[Stored data entries]
(* There is a family of finite labeled prime event structures $(\mathcal{E}_n)_{n\ge1}$ with event sets $E_n$ such that $|E_n|=n+1$, $|\mathcal{L}(\mathcal{E}_n)|=n!$, and the automaton encoding $\mathcal{A}^{\mathcal{E}_n}$ has exactly $|Q^{\mathcal{E}_n}|=2^n+1$ states. Moreover, every nondeterministic finite automaton $\mathcal{A}$ with $\mathcal{L}(\mathcal{A})=\mathcal{L}(\mathcal{E}_n)$ has at least $2^n$ states.
   Context: A finite $\mathcal{X}$-labeled prime event structure is $\mathcal{E}=\langle E,<,\#,h\rangle$ with finite $E$, strict partial order $<$, labeling $h:E\to\mathcal{X}$, and a symmetric irreflexive conflict relation $\#$ closed under $<$ (if $e\#e'$ and $e'<e''$ then $e\#e''$); $\mathcal{X}$ contains $\varepsilon$ denoting the empty word; there is an event $\bot$ with nothing below it, $\bot<e$ for all other $e$, $h(\bot)=\varepsilon$. A configuration is a left-closed, conflict-free subset of $E$; maximal if no configuration strictly contains it. A trace of a configuration $C$ lists every event of $C$ exactly once respecting $<$; $\mathcal{L}(\mathcal{E})$ is the set of words $h(t)$ (pointwise labels, $\varepsilon$ omitted) for traces $t$ of maximal configurations. The automaton encoding of $\mathcal{E}$ is the NFA $\mathcal{A}^{\mathcal{E}}=\langle Q^{\mathcal{E}},\mathcal{X},\delta^{\mathcal{E}},q_0,F\rangle$ with $Q^{\mathcal{E}}=\{q_C\mid C$ a configuration of $\mathcal{E}\}$, $(q_{C_1},\sigma,q_{C_2})\in\delta^{\mathcal{E}}$ iff there is $e\in E$ with $C_1\cup\{e\}=C_2$ and $h(e)=\sigma$ (transitions labeled $\varepsilon$ are $\varepsilon$-moves), initial state $q_{\{\bot\}}$, and accepting states $F=\{q_C\mid C$ maximal$\}$. *)

From mathcomp Require Import all_boot.
Set Implicit Arguments. Unset Strict Implicit. Unset Printing Implicit Defensive.

(* The label alphabet X is  option Sigma : [None] plays the role of epsilon. *)

Record pes (Sigma : finType) := Pes {
  ev : finType;
  evlt : rel ev;
  evcf : rel ev;
  lab : ev -> option Sigma;
  evbot : ev;
  evlt_irr : forall e, ~~ evlt e e;
  evlt_trans : forall e1 e2 e3, evlt e1 e2 -> evlt e2 e3 -> evlt e1 e3;
  evcf_sym : forall e e', evcf e e' = evcf e' e;
  evcf_irr : forall e, ~~ evcf e e;
  evcf_inherit : forall e e' e'', evcf e e' -> evlt e' e'' -> evcf e e'';
  evbot_min : forall e, ~~ evlt e evbot;
  evbot_below : forall e, e != evbot -> evlt evbot e;
  lab_bot : lab evbot = None
}.

Section PES.
Variables (Sigma : finType) (P : pes Sigma).

Definition is_config (C : {set ev P}) : bool :=
  [forall e, forall e', ((e' \in C) && evlt e e') ==> (e \in C)] &&
  [forall e, forall e', ((e \in C) && (e' \in C)) ==> ~~ evcf e e'].

Definition is_max_config (C : {set ev P}) : bool :=
  is_config C && [forall D : {set ev P}, (is_config D && (C \subset D)) ==> (D == C)].

Definition is_trace (C : {set ev P}) (t : seq (ev P)) : Prop :=
  uniq t /\ (forall e, (e \in t) = (e \in C)) /\
  (forall i j, i < j -> j < size t -> ~~ evlt (nth (evbot P) t j) (nth (evbot P) t i)).

Definition trace_word (t : seq (ev P)) : seq Sigma := pmap (@lab _ P) t.

Definition pes_lang (w : seq Sigma) : Prop :=
  exists C t, is_max_config C /\ is_trace C t /\ w = trace_word t.

Definition enc_Q : finType := {C : {set ev P} | is_config C}.

Lemma config_bot : is_config [set evbot P].
Proof.
apply/andP; split; apply/forallP=> e; apply/forallP=> e'.
- apply/implyP=> /andP[]; rewrite in_set1 => /eqP-> Hlt.
  by move: (evbot_min e); rewrite Hlt.
- apply/implyP=> /andP[]; rewrite !in_set1 => /eqP-> /eqP->; exact: evcf_irr.
Qed.

Definition enc_q0 : enc_Q := exist _ [set evbot P] config_bot.

Definition enc_delta (C1 : enc_Q) (a : option Sigma) (C2 : enc_Q) : bool :=
  [exists e, (e \notin val C1) && (val C2 == e |: val C1) && (lab e == a)].

Definition enc_F (C : enc_Q) : bool := is_max_config (val C).

End PES.

Record nfa (Sigma : finType) := Nfa {
  nfa_Q : finType;
  nfa_delta : nfa_Q -> option Sigma -> nfa_Q -> bool;
  nfa_q0 : nfa_Q;
  nfa_F : pred nfa_Q
}.

Definition nfa_lang (Sigma : finType) (A : nfa Sigma) (w : seq Sigma) : Prop :=
  exists s : seq (option Sigma * nfa_Q A),
    path (fun p q => nfa_delta p.2 q.1 q.2) (None, @nfa_q0 _ A) s /\
    @nfa_F _ A (last (@nfa_q0 _ A) (map snd s)) /\
    w = pmap fst s.

Definition enc_nfa (Sigma : finType) (P : pes Sigma) : nfa Sigma :=
  @Nfa Sigma (enc_Q P) (@enc_delta _ P) (enc_q0 P) (@enc_F _ P).

Definition has_card (T : eqType) (L : T -> Prop) (k : nat) : Prop :=
  exists s : seq T, uniq s /\ size s = k /\ (forall w, L w <-> w \in s).

(* The event structure takes a bottom event and, above it, one event per letter
   of the alphabet T, with no conflicts at all.  Its configurations are the empty
   set and the sets containing bottom, i.e. 2 ^ #|T| + 1 of them; the only maximal
   one is the whole event set, so its language is the set of permutations of T.
   For the lower bound, the pairs (enum S, enum (~: S)), S : {set T}, form a
   fooling set: enum S ++ enum (~: S') is a permutation of T only if S \subset S',
   so an automaton cannot pass through the same state after reading enum S and
   enum S' for S <> S'. *)

From mathcomp Require Import all_boot.
Set Implicit Arguments. Unset Strict Implicit. Unset Printing Implicit Defensive.

Section FinSets.
Variable T : finType.

Lemma card_set : #|{set T}| = 2 ^ #|T|.
Proof. by have := card_powerset [set: T]; rewrite powersetT !cardsT. Qed.

Lemma perm_enum_setC (S : {set T}) : perm_eq (enum S ++ enum (~: S)) (enum T).
Proof.
apply: uniq_perm; last by move=> a; rewrite mem_cat !mem_enum inE orbN.
- by rewrite cat_uniq !enum_uniq andbT; apply/hasPn => a; rewrite !mem_enum inE.
- exact: enum_uniq.
Qed.

Lemma uniq_enum_setC_subset (S S' : {set T}) :
  uniq (enum S ++ enum (~: S')) -> S \subset S'.
Proof.
rewrite cat_uniq => /and3P[_ /hasPn disj _]; apply/subsetP => a aS.
apply/negPn/negP => aS'.
by have := disj a; rewrite !mem_enum inE aS' aS => /(_ isT).
Qed.

End FinSets.

Lemma pmap_eq_cat (A B : Type) (f : A -> option B) (s : seq A) (u v : seq B) :
  pmap f s = u ++ v ->
  exists s1 s2, [/\ s = s1 ++ s2, pmap f s1 = u & pmap f s2 = v].
Proof.
elim: s u => [|a s IHs] u /=; first by case: u => //= <-; exists [::], [::].
case Efa: (f a) => [b|]; last first.
  by case/IHs=> s1 [s2 [-> <- <-]]; exists (a :: s1), s2; rewrite /= Efa.
case: u => [|c u] /= => [<-|[<- /IHs[s1 [s2 [-> <- <-]]]]].
  by exists [::], (a :: s); rewrite /= Efa.
by exists (a :: s1), s2; rewrite /= Efa.
Qed.

Section NfaRuns.
Variables (Sigma : finType) (A : nfa Sigma).

Definition nfa_step (p q : option Sigma * nfa_Q A) : bool := nfa_delta p.2 q.1 q.2.

Definition nfa_reads (p : nfa_Q A) (w : seq Sigma) (q : nfa_Q A) : Prop :=
  exists s, [/\ path nfa_step (None, p) s, last p (map snd s) = q & w = pmap fst s].

Lemma nfa_langP w :
  nfa_lang A w <-> exists2 q, nfa_reads (nfa_q0 A) w q & nfa_F q.
Proof.
split=> [[s [Hs [F_s ->]]] | [q [s [Hs <- ->]] F_s]]; last by exists s.
by exists (last (nfa_q0 A) (map snd s)); first exists s.
Qed.

Lemma path_nfa_step x s : path nfa_step x s = path nfa_step (None, x.2) s.
Proof. by case: s. Qed.

Lemma last_nfa_state p (s : seq (option Sigma * nfa_Q A)) :
  last p (map snd s) = (last (None, p) s).2.
Proof. exact: (last_map snd s (None, p)). Qed.

Lemma nfa_reads_cat p u v r :
  nfa_reads p (u ++ v) r <-> exists2 q, nfa_reads p u q & nfa_reads q v r.
Proof.
split=> [[s [Hs <- /esym/pmap_eq_cat[s1 [s2 [Es <- <-]]]]] |].
  move: Hs; rewrite {}Es cat_path => /andP[H1 H2].
  exists (last p (map snd s1)); first by exists s1.
  exists s2; split=> //; last by rewrite map_cat last_cat.
  by rewrite last_nfa_state -path_nfa_step.
case=> q [s1 [H1 <- ->]] [s2 [H2 <- ->]]; exists (s1 ++ s2); split.
- by rewrite cat_path H1 /= path_nfa_step -last_nfa_state.
- by rewrite map_cat last_cat.
- by rewrite pmap_cat.
Qed.

Lemma nfa_fooling_set (I : finType) (x y : I -> seq Sigma) :
  (forall i, nfa_lang A (x i ++ y i)) ->
  (forall i j, nfa_lang A (x i ++ y j) -> nfa_lang A (x j ++ y i) -> i = j) ->
  #|I| <= #|nfa_Q A|.
Proof.
move=> accept fool.
have midpoint i : exists q, nfa_reads (nfa_q0 A) (x i) q /\
                            exists2 r, nfa_reads q (y i) r & nfa_F r.
  have /nfa_langP[r /nfa_reads_cat[q xi yi] Fr] := accept i.
  by exists q; split; last exists r.
have [mid Hmid] := fin_all_exists midpoint.
suff mid_inj : injective mid by exact: leq_card mid_inj.
move=> i j Eij; have [xi [r yi Fr]] := Hmid i; have [xj [r' yj Fr']] := Hmid j.
apply: fool; apply/nfa_langP.
- exists r'; last exact: Fr'.
  by apply/nfa_reads_cat; exists (mid i); last rewrite Eij.
- exists r; last exact: Fr.
  by apply/nfa_reads_cat; exists (mid j); last rewrite -Eij.
Qed.

End NfaRuns.

Section ConcurrentPes.
Variable T : finType.

Definition concurrent_lt (x y : option T) : bool := (x == None) && (y != None).

Lemma concurrent_lt_irr x : ~~ concurrent_lt x x.
Proof. by case: x. Qed.

Lemma concurrent_lt_trans x y z :
  concurrent_lt x y -> concurrent_lt y z -> concurrent_lt x z.
Proof. by rewrite /concurrent_lt => /andP[_ /negbTE ->]. Qed.

Lemma concurrent_lt_bot x : ~~ concurrent_lt x None.
Proof. by rewrite /concurrent_lt andbF. Qed.

Lemma concurrent_bot_lt x : x != None -> concurrent_lt None x.
Proof. by rewrite /concurrent_lt eqxx. Qed.

Definition concurrent_pes : pes T :=
  @Pes T (option T) concurrent_lt (fun _ _ => false) id None
    concurrent_lt_irr concurrent_lt_trans (fun _ _ => erefl) (fun _ => isT)
    (fun _ _ _ cf _ => cf) concurrent_lt_bot concurrent_bot_lt erefl.

Local Notation P := concurrent_pes.

Lemma concurrent_configE (C : {set option T}) :
  @is_config _ P C = (C == set0) || (None \in C).
Proof.
apply/idP/idP.
- case/andP=> /forallP closed _.
  have [->|[[a|] aC]] := set_0Vmem C; rewrite ?eqxx ?aC ?orbT //.
  by rewrite (implyP (forallP (closed None) (Some a))) ?orbT // aC.
case/orP=> [/eqP->|botC]; apply/andP; split; apply/forallP=> x; apply/forallP=> y;
  apply/implyP => //.
- by rewrite in_set0.
- by case/andP=> _ /andP[/eqP-> _].
Qed.

Lemma concurrent_max_configE (C : {set option T}) :
  @is_max_config _ P C = (C == setT).
Proof.
apply/idP/idP.
- case/andP=> _ /forallP/(_ setT).
  by rewrite concurrent_configE inE orbT subsetT eq_sym.
move/eqP->; rewrite /is_max_config concurrent_configE inE orbT /=.
by apply/forallP=> D; apply/implyP=> /andP[_ sTD]; rewrite eqEsubset sTD subsetT.
Qed.

Lemma concurrent_langP w : pes_lang P w <-> perm_eq w (enum T).
Proof.
split=> [[C [t [maxC [[uniq_t [mem_t _]] ->]]]] | perm_w].
  move: maxC mem_t; rewrite concurrent_max_configE => /eqP-> mem_t.
  apply: uniq_perm => [||a].
  - by apply: (pmap_uniq (g := Some)) => // -[].
  - exact: enum_uniq.
  - by rewrite /trace_word mem_pmap map_id mem_t inE mem_enum.
exists setT, (None :: map Some w); rewrite concurrent_max_configE.
split=> //; split; last by rewrite /trace_word /= map_pK.
split.
  rewrite /= (map_inj_uniq Some_inj) (perm_uniq perm_w) enum_uniq andbT.
  by apply/negP => /mapP[].
split=> [[a|] | i [|j] // _ lt_j]; rewrite ?inE //.
  by rewrite (mem_map Some_inj) (perm_mem perm_w) mem_enum.
by rewrite /=; have /mapP[a _ ->] := @mem_nth _ None (map Some w) j lt_j.
Qed.

Lemma concurrent_lang_card : has_card (pes_lang P) #|T|`!.
Proof.
exists (permutations (enum T)); split; first exact: permutations_uniq.
split; first by rewrite size_permutations ?enum_uniq // -cardE.
by move=> w; rewrite mem_permutations; exact: concurrent_langP.
Qed.

Definition with_bot (S : {set T}) : {set option T} := None |: Some @: S.

Lemma with_bot_inj : injective with_bot.
Proof.
move=> S S' eqSS'; apply/setP => a.
have : (Some a \in with_bot S) = (Some a \in with_bot S') by rewrite eqSS'.
by rewrite !in_setU1 /= !(mem_imset _ _ Some_inj).
Qed.

Lemma concurrent_configsE :
  [pred C | @is_config _ P C] =i set0 |: [set with_bot S | S : {set T}].
Proof.
move=> C; rewrite !inE concurrent_configE; congr (_ || _).
apply/idP/imsetP => [botC | [S _ ->]]; last by rewrite in_setU1 eqxx.
exists [set a | Some a \in C] => //; apply/setP => -[a|].
- by rewrite in_setU1 /= (mem_imset _ _ Some_inj) inE.
- by rewrite in_setU1 eqxx botC.
Qed.

Lemma card_concurrent_states : #|enc_Q P| = 2 ^ #|T| + 1.
Proof.
rewrite card_sig (eq_card concurrent_configsE) cardsU1.
rewrite card_imset ?cardsT ?card_set; last exact: with_bot_inj.
suff -> : set0 \notin [set with_bot S | S : {set T}] by rewrite addnC.
by apply/imsetP => -[S _ /setP/(_ None)]; rewrite in_setU1 eqxx inE.
Qed.

Lemma concurrent_nfa_card (A : nfa T) :
  (forall w, nfa_lang A w <-> pes_lang P w) -> 2 ^ #|T| <= #|nfa_Q A|.
Proof.
move=> langA; rewrite -card_set.
apply: (nfa_fooling_set (x := fun S : {set T} => enum S)
                        (y := fun S => enum (~: S))).
  by move=> S; apply/langA/concurrent_langP; exact: perm_enum_setC.
have crossing_sub (S S' : {set T}) :
    nfa_lang A (enum S ++ enum (~: S')) -> S \subset S'.
  move/langA/concurrent_langP => perm_SS'; apply: uniq_enum_setC_subset.
  by rewrite (perm_uniq perm_SS') enum_uniq.
move=> S S' /crossing_sub sSS' /crossing_sub sS'S.
by apply/eqP; rewrite eqEsubset sSS'.
Qed.

End ConcurrentPes.

Theorem theorem5 :
  forall n : nat, 1 <= n ->
  exists (Sigma : finType) (P : pes Sigma),
    #|ev P| = n.+1 /\
    has_card (pes_lang P) n`! /\
    #|nfa_Q (enc_nfa P)| = 2 ^ n + 1 /\
    (forall A : nfa Sigma,
       (forall w, nfa_lang A w <-> pes_lang P w) -> 2 ^ n <= #|nfa_Q A|).
Proof.
move=> n _; exists 'I_n, (concurrent_pes 'I_n).
split; first by rewrite card_option card_ord.
split; first by have := concurrent_lang_card 'I_n; rewrite card_ord.
split; first by have := card_concurrent_states 'I_n; rewrite card_ord.
by move=> A /concurrent_nfa_card; rewrite card_ord.
Qed.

→ The task: Find the string "pred" in the entries above. Copy each line where it occurs.

→ Result for this exercise:
  nfa_F : pred nfa_Q
  [pred C | @is_config _ P C] =i set0 |: [set with_bot S | S : {set T}].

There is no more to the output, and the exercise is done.